The invention of the television allowed the civil rights movement to be broadcast nationally and internationally, first with the Montgomery Bus Boycott to sit-ins after schools were desegregated for racial equality. In 1957, to prove supremacy, Congress passed the Civil Rights Act but did not enforce it. This idea supports the notion that anticommunism helped the civil rights movement, but not enough, which led to marches to Washington multiple times to fight for suffrage, jobs, and end to segregation. In 1963, the SCLC marched into Birmingham to show, internationally, the unequal treatment of blacks. It became a televised event once city officials came in with police dogs and fire hoses to discourage the campaign. This campaign led to international support of the civil rights movement, especially from the USSR, paying subsidies to media forms that advocated civil rights. These images also opened the eyes of Americans and President Kennedy, who supported Congress’s notion to pass the Civil Rights Act in 1964. Hoover saw this action as a part of the Communist plan, which set his anger and paranoia even higher. Later in 1963, King and his supporters marched to the Lincoln memorial where he gave his famous speech “I Have a Dream,” which Hoover identified as Communist association. But Hoover’s anger towards King comes from racism and King’s comments in 1962 on criticizing the FBI in the South.
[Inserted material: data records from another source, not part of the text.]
Lemma opnorm_ubound :
  has_ubound [set vnorm (M *m x) | x in [set x : 'cV[R]_n | vnorm x = 1]].
Proof.
exists (Num.sqrt (\sum_i (\sum_j `|M i j|) ^+ 2)) => _ [x /= x1 <-].
rewrite ler_sqrt; last by apply: sumr_ge0 => i _; rewrite sqr_ge0.
apply: ler_sum => i _; rewrite -real_normK ?num_real //.
rewrite lerXn2r ?nnegrE ?normr_ge0 ?sumr_ge0 //.
rewrite mxE; apply: le_trans (ler_norm_sum _ _ _) _.
apply: ler_sum => j _; rewrite normrM -[leRHS]mulr1 ler_wpM2l //.
by rewrite -x1 normr_coord_le_vnorm.
Qed.

Lemma vnorm_mulmx_le x : vnorm (M *m x) <= opnorm M * vnorm x.
Proof.
have [->|x0] := eqVneq x 0; first by rewrite mulmx0 !vnorm0 mulr0.
have x_gt0 : 0 < vnorm x by rewrite vnorm_gt0.
set y := (vnorm x)^-1 *: x.
have y1 : vnorm y = 1 by rewrite vnormZ ger0_norm ?mulVf ?gt_eqF // invr_ge0 ltW.
have : vnorm (M *m y) <= opnorm M.
  apply: sup_upper_bound; last by exists y.
  by split; [exists (vnorm (M *m y)), y | exact: opnorm_ubound].
have ix_gt0 : 0 < (vnorm x)^-1 by rewrite invr_gt0.
rewrite -scalemxAr vnormZ ger0_norm ?(ltW ix_gt0) // => My_le.
by rewrite -(ler_pM2l ix_gt0) mulrCA mulVf ?gt_eqF ?mulr1.
Qed.

Lemma opnorm_ge0 : 0 <= opnorm M.
Proof.
rewrite /opnorm; set E := [set _ | x in _].
have [->|/set0P E0] := eqVneq E set0; first by rewrite sup0.
have [? [x x1 _]] := E0.
apply: le_trans (vnorm_ge0 (M *m x)) (sup_upper_bound _ _); last by exists x.
by split=> //; exact: opnorm_ubound.
Qed.

End OperatorNorm.

Section OrthogonalProjection.
Variables (R : realType) (m : nat) (P : 'M[R]_m).
Hypotheses (P_sym : P^T = P) (P_idem : P *m P = P).
Implicit Types x : 'cV[R]_m.

Lemma compl_proj_sym : (1%:M - P)^T = 1%:M - P.
Proof. by rewrite linearB /= trmx1 P_sym. Qed.

Lemma mulmx_proj_compl : P *m (1%:M - P) = 0.
Proof. by rewrite mulmxBr mulmx1 P_idem subrr. Qed.

Lemma dot_proj_compl x : dot (P *m x) ((1%:M - P) *m x) = 0.
Proof. by rewrite dot_mulmxl P_sym mulmxA mulmx_proj_compl mul0mx dotC dot0l. Qed.

Lemma dot_proj_split x :
  dot x x = dot (P *m x) (P *m x) + dot ((1%:M - P) *m x) ((1%:M - P) *m x).
Proof.
have {1 2}-> : x = P *m x + (1%:M - P) *m x by rewrite mulmxBl mul1mx addrC subrK.
rewrite dotDl !dotDr dot_proj_compl [dot ((1%:M - P) *m x) _]dotC dot_proj_compl.
by rewrite addr0 add0r.
Qed.

Lemma vnorm_proj_le x : vnorm (P *m x) <= vnorm x.
Proof.
rewrite -[leRHS]mul1r; apply: vnorm_le_dot => //.
by rewrite expr1n mul1r [leRHS]dot_proj_split lerDl dot_ge0.
Qed.

Lemma vnorm_compl_proj_le x : vnorm ((1%:M - P) *m x) <= vnorm x.
Proof.
rewrite -[leRHS]mul1r; apply: vnorm_le_dot => //.
by rewrite expr1n mul1r [leRHS]dot_proj_split lerDr dot_ge0.
Qed.

End OrthogonalProjection.

Section TwoProjections.
Variables (R : realType) (m : nat) (P Z : 'M[R]_m).
Hypotheses (P_sym : P^T = P) (P_idem : P *m P = P).
Hypotheses (Z_sym : Z^T = Z) (Z_idem : Z *m Z = Z).

(* With z := Z w we have <P z, w> = <z, w> = |z|^2, so Cauchy-Schwarz and
   |w|^2 = |z|^2 + |(1 - Z) w|^2 <= |z|^2 + e^2 |w|^2 give
   (1 - e^2) |z|^2 <= |P z|^2, i.e. |(1 - P) z| <= e |z|. *)
Lemma vnorm_compl_swap e w : 0 <= e -> P *m w = w ->
    vnorm ((1%:M - Z) *m w) <= e * vnorm w ->
  vnorm ((1%:M - P) *m (Z *m w)) <= e * vnorm (Z *m w).
Proof.
move=> e_ge0 Pw Zw_le.
have [e_ge1|e_lt1] := lerP 1 e.
  exact: le_trans (vnorm_compl_proj_le P_sym P_idem _) (ler_peMl (vnorm_ge0 _) e_ge1).
have w_split := dot_proj_split Z_sym Z_idem w.
set z := Z *m w in w_split *.
have z_split := dot_proj_split P_sym P_idem z.
have Pzw : dot (P *m z) w = dot z z.
  by rewrite dot_mulmxl P_sym Pw /z !dot_mulmxl Z_sym mulmxA Z_idem.
have cs := dot_sqr_le (P *m z) w; rewrite Pzw in cs.
have {}Zw_le : dot ((1%:M - Z) *m w) ((1%:M - Z) *m w) <= e ^+ 2 * dot w w.
  by rewrite -!vnorm_sqr -exprMn lerXn2r // nnegrE ?mulr_ge0 ?vnorm_ge0.
have e2_ge0 : 0 <= 1 - e ^+ 2 by rewrite expr2; nra.
have w_le : (1 - e ^+ 2) * dot w w <= dot z z by lra.
have Pz_ge : (1 - e ^+ 2) * dot z z <= dot (P *m z) (P *m z).
  have [->|z_ne0] := eqVneq (dot z z) 0; first by rewrite mulr0 dot_ge0.
  have z_gt0 : 0 < dot z z by rewrite lt_def z_ne0 dot_ge0.
  by rewrite -(ler_pM2r z_gt0); have := dot_ge0 (P *m z); nra.
by apply: vnorm_le_dot => //; lra.
Qed.

Lemma vnorm_compl_proj_split e x w : 0 <= e -> P *m w = w -> Z *m x = Z *m w ->
    vnorm ((1%:M - Z) *m w) <= e * vnorm w ->
  vnorm ((1%:M - P) *m x) <= vnorm ((1%:M - Z) *m x) + e * vnorm x.
Proof.
move=> e_ge0 Pw Zxw Zw_le.
have {1}-> : x = Z *m x + (1%:M - Z) *m x by rewrite mulmxBl mul1mx addrC subrK.
rewrite mulmxDr; apply: le_trans (vnormD_le _ _) _.
rewrite [leRHS]addrC lerD ?(vnorm_compl_proj_le P_sym P_idem) //.
rewrite Zxw; apply: le_trans (vnorm_compl_swap e_ge0 Pw Zw_le) _.
by rewrite -Zxw ler_wpM2l // (vnorm_proj_le Z_sym Z_idem).
Qed.

Lemma mxrank_proj_mul e : e < 1 ->
    (forall w, vnorm ((1%:M - Z) *m P *m w) <= e * vnorm w) ->
  \rank (P *m Z) = \rank P.
Proof.
move=> e_lt1 PZ_le; have <- := mxrank_mul_ker P Z.
suff -> : \rank (P :&: kermx Z)%MS = 0%N by rewrite addn0.
apply/eqP; rewrite mxrank_eq0; apply/eqP/row_matrixP => r; rewrite row0.
set v := row r _.
have /submxP [y defv] : (v <= P)%MS := submx_trans (row_sub _ _) (capmxSl _ _).
have /sub_kermxP vZ : (v <= kermx Z)%MS := submx_trans (row_sub _ _) (capmxSr _ _).
have Pv : P *m v^T = v^T by rewrite defv trmx_mul P_sym mulmxA P_idem.
have Zv : Z *m v^T = 0 by rewrite -Z_sym -trmx_mul vZ trmx0.
have := PZ_le v^T; rewrite -mulmxA Pv mulmxBl mul1mx Zv subr0 => v_le.
have /eqP : vnorm v^T = 0 by have := vnorm_ge0 v^T; nra.
by rewrite vnorm_eq0 -trmx0 (inj_eq trmx_inj) => /eqP.
Qed.

End TwoProjections.

Section OrthonormalColumns.
Variables (R : realType) (m b : nat) (Q : 'M[R]_(m, b)).
Hypothesis Q_on : orthonormal_cols Q.

Lemma orthonormal_cols_mulmx (W : 'M[R]_b) :
  orthogonal_mx W -> orthonormal_cols (Q *m W).
Proof.
by move=> W_orth; rewrite /orthonormal_cols trmx_mul -mulmxA (mulmxA Q^T) Q_on mul1mx.
Qed.

Lemma orthonormal_proj_sym : (Q *m Q^T)^T = Q *m Q^T.
Proof. by rewrite trmx_mul trmxK. Qed.

Lemma orthonormal_proj_idem : Q *m Q^T *m (Q *m Q^T) = Q *m Q^T.
Proof. by rewrite mulmxA -(mulmxA Q) Q_on mulmx1. Qed.

Lemma mxrank_orthonormal_proj : \rank (Q *m Q^T) = b.
Proof.
apply/eqP; rewrite eqn_leq (leq_trans (mxrankM_maxl _ _) (rank_leq_col _)) /=.
rewrite -{1}(mxrank1 R b) -Q_on -{1}[Q^T *m Q]mulmx1 -{1}Q_on !mulmxA.
by rewrite -(mulmxA _ Q) (leq_trans (mxrankM_maxl _ _) (mxrankM_maxr _ _)).
Qed.

End OrthonormalColumns.

Lemma krylov_proj_sub_range (R : realType) m n p b q (A : 'M[R]_(m, n))
    (O : 'M[R]_(n, p)) (Q : 'M[R]_(m, b)) (W : 'M[R]_b) :
    (Q^T == (iter q (mulmx (A *m A^T)) (A *m O))^T)%MS ->
  (Q *m W *m (Q *m W)^T <= A^T)%MS.
Proof.
case/andP => QK _; apply: submx_trans (submxMl _ _) _; rewrite trmx_mul.
apply: submx_trans (submxMl _ _) (submx_trans QK _).
by case: q {QK} => [|q] /=; rewrite -?mulmxA trmx_mul submxMl.
Qed.

Lemma mxrank_mul_cokermx_le (F : fieldType) m n p
    (Y : 'M[F]_(m, n)) (W : 'M[F]_(p, n)) :
  (W <= Y)%MS -> (\rank (Y *m cokermx W) + \rank W <= \rank Y)%N.
Proof.
move=> WY; rewrite -(mxrank_mul_ker Y (cokermx W)) leq_add2l; apply: mxrankS.
by rewrite sub_capmx WY sub_kermx -submxE submx_refl.
Qed.

Lemma mxrank_cap_ge (F : fieldType) n r p (X : 'M[F]_(r, n)) (Y : 'M[F]_(p, n)) :
  (\rank X + \rank Y <= \rank (X :&: Y)%MS + n)%N.
Proof. by rewrite -mxrank_sum_cap addnC leq_add2l rank_leq_col. Qed.

Lemma exists_nonzero_capmx (F : fieldType) n r p (X : 'M[F]_(r, n)) (Y : 'M[F]_(p, n)) :
  (n < \rank X + \rank Y)%N -> exists2 u : 'rV[F]_n, u != 0 & (u <= X :&: Y)%MS.
Proof.
move=> rXY; have : \rank (X :&: Y)%MS != 0%N by have := mxrank_cap_ge X Y; lia.
rewrite mxrank_eq0; case: (pickP (fun i => row i (X :&: Y)%MS != 0)) => [i ri0 _|rows0].
  by exists (row i (X :&: Y)%MS); rewrite ?row_sub.
by case/negP; apply/eqP/row_matrixP => i; move/negbFE/eqP: (rows0 i) ->; rewrite row0.
Qed.

Lemma mxrank_compl_proj_mul (R : realType) m n (A : 'M[R]_(m, n)) (P : 'M[R]_m) :
    P^T = P -> P *m P = P -> (P <= A^T)%MS ->
  (\rank ((1%:M - P) *m A) + \rank P <= n)%N.
Proof.
move=> P_sym P_idem PA; rewrite -mxrank_tr trmx_mul compl_proj_sym //.
apply: leq_trans (rank_leq_row A^T); rewrite -(mxrank_mul_ker A^T (1%:M - P)).
rewrite leq_add2l mxrankS // sub_capmx PA.
by apply/sub_kermxP; rewrite mulmx_proj_compl.
Qed.

Lemma card_set_ord n (p : pred nat) : #|[set l : 'I_n | p l]| = count p (iota 0 n).
Proof.
rewrite -val_enum_ord count_map cardsE cardE /enum_mem size_filter count_filter.
by apply: eq_count => l; rewrite /= !inE andbT.
Qed.

Lemma card_ord_lt n t : #|[set l : 'I_n | (l < t)%N]| = minn t n.
Proof.
rewrite (card_set_ord n (fun l => (l < t)%N)).
elim: n => [|n IHn]; first by rewrite minn0.
by rewrite -addn1 iotaD count_cat IHn /= add0n addn0; case: ltnP; lia.
Qed.

Lemma card_ord_ge n t : #|[set l : 'I_n | (t <= l)%N]| = (n - t)%N.
Proof.
have := cardsC [set l : 'I_n | (l < t)%N]; rewrite card_ord card_ord_lt.
rewrite (_ : ~: _ = [set l : 'I_n | (t <= l)%N]); first lia.
by apply/setP => l; rewrite !inE -leqNgt.
Qed.

Lemma card_ord_outside n k i : (k + i <= n)%N ->
  #|[set l : 'I_n | (l < k)%N] :|: [set l : 'I_n | (k + i <= l)%N]| = (n - i)%N.
Proof.
move=> le_kin; rewrite cardsU card_ord_lt card_ord_ge.
rewrite (@eq_card0 _ (_ :&: _)); first lia.
by move=> l; rewrite !inE; apply/negbTE/andP; lia.
Qed.

Section DiagonalForm.
Variables (R : realType) (m n : nat) (U : 'M[R]_m) (s : nat -> R) (V : 'M[R]_n).
Hypotheses (le_nm : (n <= m)%N) (U_orth : orthogonal_mx U) (V_orth : orthogonal_mx V).

Lemma rdiag_pid_diag : rdiag m n s = pid_mx n *m diag_mx (\row_(j < n) s j).
Proof.
apply/matrixP => i j; rewrite mul_mx_diag !mxE.
by case: eqP => [->|_]; rewrite ?ltn_ord ?mul1r ?mul0r.
Qed.

Lemma dot_udv x :
  dot (U *m rdiag m n s *m V^T *m x) (U *m rdiag m n s *m V^T *m x)
  = \sum_(l < n) s l ^+ 2 * (V^T *m x) l 0 ^+ 2.
Proof.
rewrite -!mulmxA dot_orthogonal // rdiag_pid_diag -!mulmxA dot_mulmxl.
rewrite tr_pid_mx (mulmxA (pid_mx n)) mul_pid_mx minnn (minn_idPr le_nm).
rewrite pid_mx_1 mul1mx.
by rewrite /dot; apply: eq_bigr => l _; rewrite mul_diag_mx !mxE -exprMn expr2.
Qed.

Lemma dot_rsv_coords x : dot x x = \sum_(l < n) (V^T *m x) l 0 ^+ 2.
Proof.
rewrite (_ : \sum_l _ = dot (V^T *m x) (V^T *m x)).
  by rewrite dot_mulmxl trmxK mulmxA orthogonal_mxT // mul1mx.
by apply: eq_bigr => l _; rewrite expr2.
Qed.

Definition rsv_span (S : {set 'I_n}) : 'M[R]_(#|S|, n) := rowsub enum_val V^T.

Lemma tr_rsv_span S : (rsv_span S)^T = colsub enum_val V.
Proof. by apply/matrixP => i j; rewrite !mxE. Qed.

Lemma rsv_span_mulmx_tr S : rsv_span S *m (rsv_span S)^T = 1%:M.
Proof.
rewrite tr_rsv_span -mxsub_mul V_orth; apply/matrixP => r r'.
by rewrite !mxE (inj_eq enum_val_inj).
Qed.

Lemma rank_rsv_span S : \rank (rsv_span S) = #|S|.
Proof.
apply/eqP; rewrite eqn_leq rank_leq_row /=.
by rewrite -{1}(mxrank1 R #|S|) -(rsv_span_mulmx_tr S) mxrankM_maxl.
Qed.

Lemma rsv_coord_notin S (u : 'rV[R]_n) l :
  (u <= rsv_span S)%MS -> l \notin S -> (V^T *m u^T) l 0 = 0.
Proof.
move=> /submxP [w ->] lS; rewrite trmx_mul mulmxA.
have -> : V^T *m (rsv_span S)^T = colsub enum_val 1%:M.
  by rewrite tr_rsv_span mulmx_colsub V_orth.
rewrite mxE big1 // => r _; rewrite !mxE; case: eqP => [lr|]; last by rewrite mul0r.
by move: lS; rewrite lr enum_valP.
Qed.

Lemma vnorm_udv_le S c (u : 'rV[R]_n) : 0 <= c -> (u <= rsv_span S)%MS ->
    (forall l, l \in S -> `|s l| <= c) ->
  vnorm (U *m rdiag m n s *m V^T *m u^T) <= c * vnorm u^T.
Proof.
move=> c_ge0 uS s_le; apply: vnorm_le_dot => //.
rewrite dot_udv dot_rsv_coords mulr_sumr; apply: ler_sum => l _.
have [lS|lS] := boolP (l \in S); last by rewrite (rsv_coord_notin uS lS) expr0n !mulr0.
rewrite ler_wpM2r ?sqr_ge0 // -real_normK ?num_real //.
by rewrite lerXn2r ?nnegrE ?normr_ge0 ?s_le.
Qed.

Lemma vnorm_udv_ge S c (u : 'rV[R]_n) : 0 <= c -> (u <= rsv_span S)%MS ->
    (forall l, l \in S -> c <= `|s l|) ->
  c * vnorm u^T <= vnorm (U *m rdiag m n s *m V^T *m u^T).
Proof.
move=> c_ge0 uS s_ge; apply: vnorm_ge_dot => //.
rewrite dot_udv dot_rsv_coords mulr_sumr; apply: ler_sum => l _.
have [lS|lS] := boolP (l \in S); last by rewrite (rsv_coord_notin uS lS) expr0n !mulr0.
rewrite ler_wpM2r ?sqr_ge0 // -[s l ^+ 2]real_normK ?num_real //.
by rewrite lerXn2r ?nnegrE ?normr_ge0 ?s_ge.
Qed.

End DiagonalForm.

Section CourantFischer.
Variables (R : realType) (m n : nat) (M : 'M[R]_(m, n)).
Variables (U : 'M[R]_m) (s : nat -> R) (V : 'M[R]_n).
Hypotheses (le_nm : (n <= m)%N) (svdM : is_svd M U s V).

Lemma courant_fischer_ge r (X : 'M[R]_(r, n)) c j : (j < n)%N -> (j < \rank X)%N ->
    (forall u : 'rV[R]_n, (u <= X)%MS -> c * vnorm u^T <= vnorm (M *m u^T)) ->
  c <= s j.
Proof.
move=> lt_jn lt_jX Xc; have [U_orth V_orth s_ge0 s_dec defM] := svdM.
have [c_le0|c_gt0] := lerP c 0; first exact: le_trans c_le0 (s_ge0 _ lt_jn).
have [u u0] : exists2 u : 'rV[R]_n, u != 0 &
    (u <= X :&: rsv_span V [set l : 'I_n | (j <= l)%N])%MS.
  by apply: exists_nonzero_capmx; rewrite rank_rsv_span // card_ord_ge; lia.
rewrite sub_capmx => /andP [uX uS].
have u_gt0 : 0 < vnorm u^T by rewrite vnorm_gt0 -trmx0 (inj_eq trmx_inj).
rewrite -(ler_pM2r u_gt0); apply: le_trans (Xc u uX) _; rewrite defM.
apply: (vnorm_udv_le le_nm U_orth V_orth) uS _ => [|l]; first exact: s_ge0.
by rewrite inE => le_jl; rewrite ger0_norm ?s_ge0 // s_dec // le_jl ltn_ord.
Qed.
When Johnson was president, the civil rights movement found its first success with the Civil Rights Act of 1964, banning discrimination in public and workplace. However, brutality still occurred once blacks tried to vote in Alabama, called “Bloody Sunday,” causing Johnson to press Congress to pass the next success in the movement, the Voting Rights Act of 1965. Hoover, still paranoid, and despite other reports, believed King was associated with Communist party and intensified his surveillance on King and his organization. Nonetheless, international and national support for civil rights increased further when King was assassinated in 1968, ending the movement’s passive resistance and beginning the era of violence and black radicalism. This new violence, combined with the beginning of the Vietnam War, caused liberal activists to be in anti-war protests and support the Civil Rights movement that still led on until the 1990s.
E: Conclusion
Hoover’s growing paranoia and international support against discrimination brought success of the Civil Rights movement in the 1950s and 1960s. Hoover’s inadequacy in proving King’s and his followers’ communist affiliations provided more reinforcement for King’s nonviolent actions and the USSR’s ability to undermine the U.S. through supporting the movement. Through America’s fear of communism and support from the Soviets, the Civil Rights movement brought confidence to blacks as they demanded for full rights. Although the movement did not completely bring equality, blacks were determined to obtain those rights and sought to live equally in the face of opposition.